For the checks themselves, we use CircleCI and GitHub Actions. When a pull request is either created or updated, it triggers an action, which triggers specific checks in our CircleCI workflow. We want to run all possible checks before deploying to production. We use a GitHub plugin called Danger JS, which runs specific checks to see what’s been committed as part of the pull request. We can see if certain files are being modified—and in those cases, if the right tests are being run—and flag them to either undergo additional testing or request additional explanation.
GitHub is our centralized hub for pull request status. If any tests or code checks fail, the pull request will be blocked from merging. But if we’re just deploying to a staging environment, we keep the checks minimal and just build an image—another way to avoid slowing down our workflow.
Fewer incidents, faster tests with parallel canaries
Once the code is reviewed and passes all the right checks, we move on to canary deployments. We’ve made some improvements to speed up our process here as well. Before, we had to pull in the latest changes from production, run the tests there, and then we could deploy using canary servers. This took a long time, which led to people not canary-ing their pull requests because it was too slow. Corners were cut, canaries weren’t run, and it caused preventable incidents. So on the testing side, we stepped back and made some changes to our requirements. Now if the tests run fine on a pull request and there aren’t any conflicts with the new production changes, it’s ready for canary deployment.
Despite the improvements to the canary CI time, we still had a queue for canary-ing as we could only support one canary at a time. To address this issue, we rebuilt our deployment infrastructure to allow multiple canary deployments at once. We support canary deployments and our production infrastructure with two separate Helm charts. Separating the two means we can run canaries and production deployments in parallel, allowing long-running canaries—and their critical code tests—to run for hours without impacting deployment velocity. The deploy service will know either to deploy a new full production rollout or to just deploy a canary version.

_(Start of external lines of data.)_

(* Let $A,B,C$ be rings (not necessarily with unit) and $f:A\to B$, $g:B\to C$ ring homomorphisms. If $gf$ is a near isomorphism and $f$ is surjective, then both $f$ and $g$ are near isomorphisms.
   Context: A surjective ring morphism $h:X\to Y$ between (not necessarily unital) rings is a near isomorphism if $X\ker(h)=\ker(h)X=0$. *)

(* Non-unital (associative) rings are not in MathComp
   (all ring structures there are unital), so we define them here. *)
From mathcomp Require Import all_boot all_algebra.
Set Implicit Arguments. Unset Strict Implicit. Unset Printing Implicit Defensive.
Import GRing.Theory.
Local Open Scope ring_scope.

Record nuRing := NuRing {
  nur_sort :> zmodType;
  nur_mul : nur_sort -> nur_sort -> nur_sort;
  nur_mulA : associative nur_mul;
  nur_mulDl : left_distributive nur_mul +%R;
  nur_mulDr : right_distributive nur_mul +%R
}.

Definition nu_hom (X Y : nuRing) (h : X -> Y) : Prop :=
  (forall x y : X, h (x + y) = h x + h y) /\
  (forall x y : X, h (nur_mul x y) = nur_mul (h x) (h y)).

(* Near isomorphism: a surjective ring morphism h with X ker(h) = ker(h) X = 0,
   i.e. every product x*k and k*x with h k = 0 vanishes. *)
Definition near_iso (X Y : nuRing) (h : X -> Y) : Prop :=
  nu_hom h /\
  (forall y : Y, exists x : X, h x = y) /\
  (forall x k : X, h k = 0 -> nur_mul x k = 0 /\ nur_mul k x = 0).

(* The kernel of f lies in the kernel of g f, so it is annihilated by A.  For the
   kernel of g, lift k in ker g and x in B along the surjective f: the lift of k
   lies in ker (g f), so both products of lifts vanish, and f maps them to x k
   and k x. *)
From mathcomp Require Import all_boot all_algebra.
Local Open Scope ring_scope.
Import GRing.Theory.

Lemma nu_hom0 (X Y : nuRing) (h : X -> Y) : nu_hom h -> h 0 = 0.
Proof.
move=> [hD _]; apply: (@addrI _ (h 0)).
by rewrite -hD !addr0.
Qed.

Lemma near_iso_comp_surj_l (A B C : nuRing) (f : A -> B) (g : B -> C) :
  nu_hom f -> nu_hom g -> near_iso (g \o f) ->
  (forall b : B, exists a : A, f a = b) -> near_iso f.
Proof.
move=> hf hg [_ [_ ker_gf]] sf; split=> //; split=> // x k fk0.
by apply: ker_gf; rewrite /= fk0 nu_hom0.
Qed.

Lemma surj_comp_r (A B C : Type) (f : A -> B) (g : B -> C) :
  (forall c : C, exists a : A, g (f a) = c) -> forall c : C, exists b : B, g b = c.
Proof. by move=> sgf c; have [a <-] := sgf c; exists (f a). Qed.

Lemma near_iso_comp_surj_r (A B C : nuRing) (f : A -> B) (g : B -> C) :
  nu_hom f -> nu_hom g -> near_iso (g \o f) ->
  (forall b : B, exists a : A, f a = b) -> near_iso g.
Proof.
move=> hf hg [_ [sgf ker_gf]] sf; split=> //; split.
  exact: (@surj_comp_r _ _ _ f g sgf).
move=> x k; have [a <-] := sf k; have [a' <-] := sf x => gk0.
have [a'a0 aa'0] := ker_gf a' a gk0.
by case: (hf) => _ fM; rewrite -!fM a'a0 aa'0 nu_hom0.
Qed.

Theorem lemma4p4 (A B C : nuRing) (f : A -> B) (g : B -> C) :
  nu_hom f -> nu_hom g ->
  near_iso (g \o f) ->
  (forall b : B, exists a : A, f a = b) ->
  near_iso f /\ near_iso g.
Proof.
move=> hf hg hgf sf; split.
- exact: near_iso_comp_surj_l hgf sf.
- exact: near_iso_comp_surj_r hgf sf.
Qed.
(* In the adjacency array model, any bounded-error quantum algorithm that decides whether an $n$-vertex undirected graph is bipartite requires $\Omega(n)$ queries, and any bounded-error quantum algorithm that decides whether an $n$-vertex undirected graph contains a cycle requires $\Omega(n)$ queries.
   Context: Adjacency array model: the degrees $d_1,\dots,d_n$ of the vertices are given for free, and for each vertex $i$ there is an oracle for an injective array $f_i:[d_i]\to[n]$ listing its neighbours in an arbitrary fixed order; query complexity counts only queries to the arrays $f_i$ (which may be made in superposition). Bounded error means success probability at least $2/3$ on every input. *)

From mathcomp Require Import all_boot all_algebra.
From mathcomp Require Import complex.
From mathcomp Require Import Rstruct.
Set Implicit Arguments. Unset Strict Implicit. Unset Printing Implicit Defensive.
Import GRing.Theory Num.Theory.
Local Open Scope ring_scope.

Notation C := (complex Rdefinitions.R).

(* deg i = d_i ; nbr i j = f_i(j) for j < d_i (values for j >= d_i are irrelevant).
   Array indices are 0-based: [d_i] = {0,...,d_i-1}. *)
Record adj_array (n : nat) := AdjArray {
  deg : 'I_n -> nat;
  nbr : 'I_n -> 'I_n -> 'I_n }.
Definition inVfam (U : set (set Idx)) (G : Idx -> seq R) (gs : Idx -> seq (R -> R)) : Prop :=
  exists vs : Idx -> seq (R -> R),
    ae U (fun l =>
      [/\ size (vs l) = ell (G l), size (gs l) = ell (G l) &
          (forall j, (j < ell (G l))%N ->
             [/\ C1 (fnth (vs l) j), inspan l (fnth (vs l) j) &
                 fnth (gs l) j = (fun x => fnth (vs l) j x * chi (G l) j x)])]).

Definition orth0 (f g : R -> R) : Prop :=
  (\int[@lebesgue_measure R]_x ((f x * g x)%:E) = 0)%E.

End LambdaModel.

From HB Require Import structures.
From mathcomp Require Import all_boot all_order all_algebra.
From mathcomp Require Import all_classical all_reals all_analysis.
From mathcomp Require Import lra.
Import Order.TTheory GRing.Theory Num.Theory.
Import numFieldNormedType.Exports.
Local Open Scope classical_set_scope.
Local Open Scope ring_scope.

(* Off the grid, [-beta, beta] is the disjoint union of the open cells I_j, and
   on I_j the only nonzero chi_k is chi_j.  So an element of U(R) agrees on each
   cell with a single C^1 function v_j, which yields the one-sided limits at the
   grid points; chi_[a,b] with a, b in Gamma is constantly 0 or 1 on each cell,
   which yields the closure properties; and chi_j chi_k = 0 for j <> k, which
   yields orthogonality and uniqueness of the decomposition.  All of this holds
   for each index lambda and passes to Lambda-limits because qualified sets are
   closed under finite intersections and supersets. *)

Set Implicit Arguments. Unset Strict Implicit.

Section Cells.
Variables (R : realType) (g : seq R).
Hypothesis g_sorted : sorted <%R g.

Definition in_cell (j : nat) (x : R) := nth 0 g j < x < nth 0 g j.+1.

Lemma nth_le_sorted i k : (i <= k)%N -> (k < size g)%N -> nth 0 g i <= nth 0 g k.
Proof.
rewrite leq_eqVlt => /orP[/eqP -> //|ik] kg.
by apply/ltW/(sorted_ltn_nth lt_trans) => //; rewrite inE (ltn_trans ik).
Qed.

Lemma nth_lt_cell i j x : (i < size g)%N -> (j.+1 < size g)%N -> in_cell j x ->
  (nth 0 g i < x) = (i <= j)%N.
Proof.
move=> ig jg /andP[lo hi]; case: (leqP i j) => [ij|ji].
  exact: le_lt_trans (nth_le_sorted ij (ltnW jg)) lo.
by apply/negbTE; rewrite -leNgt; apply: le_trans (ltW hi) (nth_le_sorted ji ig).
Qed.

Scalable rollbacks and deployments
With these updates, we’ve seen a lot more engineers using canary deployments and have had fewer incidents as a result. But the new changes posed new challenges: if we have multiple canary deployments running and a deployment happening at the same time, how do we know which one is causing issues? Or what if the tests said everything ran fine, but once we actually merge it, it starts causing issues?
- Lead time for changes (CI and end-to-end release process)
- Change failure rate
- Code review turnaround time
We mitigate these risks by not scaling up all the way. We start by deploying the canary changes to a single server, which can be scaled up by the engineer running canaries as they gain more confidence that their change isn't breaking anything. They can see if there’s an issue, then scale down those canary servers and replay everything. We can actually retry all failures within our system before anything moves to production, and if needed, at scale in production as well. Once we're done with the canary process and everything goes as well as anticipated, we can merge the changes, and they’ll get deployed to production.
Looking back while building forward
There’s always room for improvement. That’s how we’ve streamlined our process—identifying not just what works, but what could be better. After every project, we take a look at how things went and what could’ve been done differently. With canary deployments, that meant changing our requirements. For pull requests, it was keeping comments minimal and using video for in-depth discussions. And on a much larger scale, it was switching to Kubernetes to cut down on manual tasks. Some of these were bigger changes than others, but it all comes back to balance and practicality. It’s important to make changes that will have the most meaningful impact on the way we work today, while setting ourselves up for success in the future.